Dataset entries
───

(* Let $G$, $\mathrm{b}$, $(w_{ij})$, $M^*$ and $(y^*,\lambda^* )$ be as in the context, and assume the LP relaxation (Primal LP) has no fractional solution. Then for any alternating path $P$ (with respect to $M^*$) in $G$ of length at least $2n$, there exists an edge $\{i,j\}\in P$ such that $|w_{ij}-y_i^*-y_j^*|>0$.
   Context: Let $G=(V,E)$ be a finite undirected simple graph, $V=\{1,\dots,n\}$, with real edge weights $w_{ij}$ and positive integers $b_i\le\deg_G(i)$; $N(i)$ is the neighbour set of $i$. A perfect $\mathrm{b}$-matching is a set of edges in which each vertex $i$ has degree exactly $b_i$; assume one exists. Primal LP: minimize $\sum_{\{i,j\}\in E}w_{ij}x_{ij}$ s.t. $\sum_{j\in N(i)}x_{ij}=b_i$ for all $i$, $0\le x_{ij}\le1$. Dual LP: maximize $\sum_ib_iy_i-\sum_{\{i,j\}\in E}\lambda_{ij}$ s.t. $w_{ij}+\lambda_{ij}\ge y_i+y_j$, $\lambda_{ij}\ge0$. ''No fractional solution'' means every optimal primal solution lies in $\{0,1\}^E$; then the minimum weight perfect $\mathrm{b}$-matching $M^*$ is unique. $(y^*,\lambda^* )$ is an optimal solution of the Dual LP. A walk $P=(i_1,i_2,\dots,i_k)$ in $G$ (consecutive vertices adjacent, length $k-1$) is an alternating path if (a) either all odd edges $\{i_1,i_2\},\{i_3,i_4\},\dots$ belong to $M^*$ and all even edges $\{i_2,i_3\},\{i_4,i_5\},\dots$ do not, or all odd edges do not belong to $M^*$ and all even edges do; and (b) $P$ may revisit vertices and edges but never repeats an edge immediately: $i_r\neq i_{r+1}$ and $i_r\neq i_{r+2}$ for $1\le r\le k-2$. *)

From mathcomp Require Import all_boot all_order all_algebra.
Set Implicit Arguments. Unset Strict Implicit. Unset Printing Implicit Defensive.
Import Order.TTheory GRing.Theory Num.Theory.
Local Open Scope ring_scope.

(* An edge {i,j} is represented by an ordered pair (i,j) with
   i < j; edge-indexed quantities (w, x, lambda) are functions of two vertices
   that are required to be symmetric (their values off edges are irrelevant). *)

Definition simple_graph n (e : rel 'I_n) : Prop :=
  (forall i, ~~ e i i) /\ (forall i j, e i j = e j i).

Definition sym_fun n (R : Type) (f : 'I_n -> 'I_n -> R) : Prop :=
  forall i j, f i j = f j i.

Definition edge_sum (R : realFieldType) n (e : rel 'I_n) (F : 'I_n -> 'I_n -> R) : R :=
  \sum_(i < n) \sum_(j < n | e i j && (i < j)%N) F i j.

───

Transcribe all the entries, keeping each one exactly as it is.

(* Let $G$, $\mathrm{b}$, $(w_{ij})$, $M^*$ and $(y^*,\lambda^* )$ be as in the context, and assume the LP relaxation (Primal LP) has no fractional solution. Then for any alternating path $P$ (with respect to $M^*$) in $G$ of length at least $2n$, there exists an edge $\{i,j\}\in P$ such that $|w_{ij}-y_i^*-y_j^*|>0$.
   Context: Let $G=(V,E)$ be a finite undirected simple graph, $V=\{1,\dots,n\}$, with real edge weights $w_{ij}$ and positive integers $b_i\le\deg_G(i)$; $N(i)$ is the neighbour set of $i$. A perfect $\mathrm{b}$-matching is a set of edges in which each vertex $i$ has degree exactly $b_i$; assume one exists. Primal LP: minimize $\sum_{\{i,j\}\in E}w_{ij}x_{ij}$ s.t. $\sum_{j\in N(i)}x_{ij}=b_i$ for all $i$, $0\le x_{ij}\le1$. Dual LP: maximize $\sum_ib_iy_i-\sum_{\{i,j\}\in E}\lambda_{ij}$ s.t. $w_{ij}+\lambda_{ij}\ge y_i+y_j$, $\lambda_{ij}\ge0$. ''No fractional solution'' means every optimal primal solution lies in $\{0,1\}^E$; then the minimum weight perfect $\mathrm{b}$-matching $M^*$ is unique. $(y^*,\lambda^* )$ is an optimal solution of the Dual LP. A walk $P=(i_1,i_2,\dots,i_k)$ in $G$ (consecutive vertices adjacent, length $k-1$) is an alternating path if (a) either all odd edges $\{i_1,i_2\},\{i_3,i_4\},\dots$ belong to $M^*$ and all even edges $\{i_2,i_3\},\{i_4,i_5\},\dots$ do not, or all odd edges do not belong to $M^*$ and all even edges do; and (b) $P$ may revisit vertices and edges but never repeats an edge immediately: $i_r\neq i_{r+1}$ and $i_r\neq i_{r+2}$ for $1\le r\le k-2$. *)

From mathcomp Require Import all_boot all_order all_algebra.
Set Implicit Arguments. Unset Strict Implicit. Unset Printing Implicit Defensive.
Import Order.TTheory GRing.Theory Num.Theory.
Local Open Scope ring_scope.

(* An edge {i,j} is represented by an ordered pair (i,j) with
   i < j; edge-indexed quantities (w, x, lambda) are functions of two vertices
   that are required to be symmetric (their values off edges are irrelevant). *)

Definition simple_graph n (e : rel 'I_n) : Prop :=
  (forall i, ~~ e i i) /\ (forall i j, e i j = e j i).

Definition sym_fun n (R : Type) (f : 'I_n -> 'I_n -> R) : Prop :=
  forall i j, f i j = f j i.

Definition edge_sum (R : realFieldType) n (e : rel 'I_n) (F : 'I_n -> 'I_n -> R) : R :=
  \sum_(i < n) \sum_(j < n | e i j && (i < j)%N) F i j.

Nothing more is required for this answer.